The counterclaim requests amounts due pursuant to the strategic alliance
agreement, the costs of litigation, and reasonable attorneys' fees. Since
filing the initial complaint, Paradygm has been permitted to add Vodavi-CT
alleging that Vodavi-CT participated in the alleged fraudulent inducement
of Mr. Patel.
On December 21, 1998, the case was removed from the Superior Court to the
United States District Court for the Northern District of Georgia - Atlanta
Division. On July 28, 1999, Vodavi-CT filed an answer and denied those
allegations on the same basis as VCS' original answer. The parties are
currently conducting discovery. The Company is vigorously defending this
lawsuit. No provision has been made in the consolidated financial
statements.
From time to time the Company is subject to certain asserted and unasserted
claims encountered in the normal course of business. It is the Company's
belief that the resolution of these matters will not have a material
adverse effect on our financial position or results of operations, however,
we cannot provide assurance that damages that result in a material adverse
effect on our financial position or results of operations will not be
imposed in these matters.
b. OPERATING LEASES
The Company has entered into long-term operating lease agreements for all
of its office and warehouse facilities. Minimum payments under the
Company's lease agreements are as follows:
Years Ending
December 31, Operating Leases
------------ ----------------
(IN THOUSANDS)
2002 $ 1,102
2003 965
2004 965
2005 785
2006 785
Thereafter 3,927
-------
Total Minimum lease commitments 8,529
Total minimum noncancellable sublease rentals (558)
-------
$ 7,971
=======
F-13
Certain of the Company's lease agreements provide for initial periods of
free or discounted rental payments. Rent expense is recognized on a
straight-line basis and was approximately $1,112,000 for each of the years
ended December 31, 2001, 2000, and 1999, respectively. The difference
between rent expensed and rent paid ("rent equalization") was $94,000,
$51,000, and $13,000 for the years ended December 31, 2001, 2000, and 1999,
respectively.
c. 401(k) PROFIT SHARING PLAN
The Company sponsors a profit sharing plan (the 401(k) Plan) pursuant to
Section 401(k) of the Internal Revenue Code of 1986. The 401(k) Plan covers
substantially all full-time employees who meet the eligibility requirements
and provides for a discretionary profit sharing contribution by the Company
and an employee elective contribution with a discretionary Company matching
provision. The Company expensed discretionary contributions pursuant to the
401(k) Plan in the amounts of $63,000, $76,000, and $68,000, for the years
ended December 31, 2001, 2000, and 1999, respectively.
5. STOCKHOLDERS' EQUITY
a. TREASURY STOCK
In the fourth quarter of 1999, the Company began acquiring shares of its
common stock in connection with a stock repurchase program authorized by
the Company's Board of Directors in October 1999. That program authorized
the Company to purchase up to 400,000 common shares over a six-month
period, which was subsequently extended through June 2001, on the open
market or pursuant to negotiated transactions at price levels the Company
deems attractive. As of December 31, 2001, the Company had purchased
318,700 shares at an aggregate cost of $759,000.
b. WARRANTS
In February 1999, pursuant to a marketing agreement with its former
investor relations firm, the Company issued warrants for 122,500 shares of
the Company's common stock at prices between $4.00-$6.50 per share. The
Company valued these warrants at $26,000 utilizing the Black-Scholes option
pricing model, and amortized this amount to expense over the 12-month
period of the initial agreement. The Company terminated their agreement
with the firm in November 2000. The warrants expired unexercised in 2001.

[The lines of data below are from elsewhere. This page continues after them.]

(* associativity: (u *_j v) *_j w = u *_j (v *_j w) *)
Definition ax_assoc : Prop :=
  forall i j (V2 : valid [:: i; i] [:: j]) (V3 : valid [:: i; i; i] [:: j; j])
         (b b' l r : hom (GS E V2) (GS E V3)),
    comp b (ij V2 0 isT) = ij V3 0 isT ->
    comp b (ij V2 1 isT) = ij V3 1 isT ->
    comp b' (ij V2 0 isT) = ij V3 1 isT ->
    comp b' (ij V2 1 isT) = ij V3 2 isT ->
    comp l (ij V2 0 isT) = comp b (nab V2) ->
    comp l (ij V2 1 isT) = ij V3 2 isT ->
    comp r (ij V2 0 isT) = ij V3 0 isT ->
    comp r (ij V2 1 isT) = comp b' (nab V2) ->
    comp l (nab V2) = comp r (nab V2).

(* exchange (i > j > k):
   (u *_j v) *_k (u' *_j v') = (u *_k u') *_j (v *_k v') *)
Definition ax_exchange : Prop :=
  forall i j k, k < j ->
  forall (Vj : valid [:: i; i] [:: j]) (Vk : valid [:: i; i] [:: k])
         (V4 : valid [:: i; i; i; i] [:: j; k; j])
         (p p' R : hom (GS E Vj) (GS E V4)) (m m' L : hom (GS E Vk) (GS E V4)),
    comp p (ij Vj 0 isT) = ij V4 0 isT ->
    comp p (ij Vj 1 isT) = ij V4 1 isT ->
    comp p' (ij Vj 0 isT) = ij V4 2 isT ->
    comp p' (ij Vj 1 isT) = ij V4 3 isT ->
    comp m (ij Vk 0 isT) = ij V4 0 isT ->
    comp m (ij Vk 1 isT) = ij V4 2 isT ->
    comp m' (ij Vk 0 isT) = ij V4 1 isT ->
    comp m' (ij Vk 1 isT) = ij V4 3 isT ->
    comp L (ij Vk 0 isT) = comp p (nab Vj) ->
    comp L (ij Vk 1 isT) = comp p' (nab Vj) ->
    comp R (ij Vj 0 isT) = comp m (nab Vk) ->
    comp R (ij Vj 1 isT) = comp m' (nab Vk) ->
    comp L (nab Vk) = comp R (nab Vj).

(* units: k^i_j(t^i_j u) *_j u = u = u *_j k^i_j(s^i_j u) *)
Definition ax_units : Prop :=
  forall i j (V : valid [:: i; i] [:: j]) (H : j <= i) (a b : hom (GS E V) (DD i)),
    (comp a (ij V 0 isT) = comp (tgm G H) (kpm H) ->
     comp a (ij V 1 isT) = idm _ ->
     comp a (nab V) = idm _) /\
    (comp b (ij V 0 isT) = idm _ ->
     comp b (ij V 1 isT) = comp (sgm G H) (kpm H) ->
     comp b (nab V) = idm _).

(* functoriality of units: k_i(u *_j v) = k_i(u) *_j k_i(v) *)
Definition ax_unit_funct : Prop :=
  forall i j (V : valid [:: i; i] [:: j]) (V' : valid [:: i.+1; i.+1] [:: j])
         (K : hom (GS E V') (GS E V)),
    comp K (ij V' 0 isT) = comp (ij V 0 isT) (kap i) ->
    comp K (ij V' 1 isT) = comp (ij V 1 isT) (kap i) ->
    comp K (nab V') = comp (nab V) (kap i).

c. VODAVI TECHNOLOGY, INC. 1994 STOCK OPTION PLAN
The Vodavi Technology, Inc. 1994 Stock Option Plan (the Plan), as amended,
provides for the granting of (a) options to purchase shares of the
Company's common stock, (b) stock appreciation rights, (c) shares of the
Company's common stock, or (d) other cash awards related to the value of
the Company's common stock. Under the Plan, options and other awards may be
issued to key personnel of the Company. The options issued may be incentive
stock options or nonqualified stock options. The Plan also includes an
automatic program under which nonqualified options are automatically
granted to the Company's nonemployee directors. If any options terminate or
expire without having been exercised in full, the stock underlying such
options will again be available for grant under the Plan. In June 2000,
shareholders approved an increase in the number of shares that may be
issued under the plan from 850,000 to 1,100,000. The Plan expires in 2004.
To the extent that granted options are incentive stock options, the terms
and conditions of those options must be consistent with the qualification
requirements set forth in Section 422 of the Internal Revenue Code of 1986.
The maximum number of shares of common stock that can be granted to any one
employee, including officers, during the term of the Plan may not exceed
50% of the shares of common stock covered by the Plan.
The expiration date, maximum number of shares purchasable, and the other
provisions of the options are established at the time of grant. Options may
be granted for terms of up to ten years and become exercisable in whole or
in one or more installments at such time as may be determined by the plan
administrator, but the exercise price may not be less than 100% (110% if
the option is granted to a stockholder who at the time the option is
granted owns stock representing more than ten percent of the total
F-14
combined voting power of all classes of the Company's stock) of the fair
market value of the common stock at the time of the grant.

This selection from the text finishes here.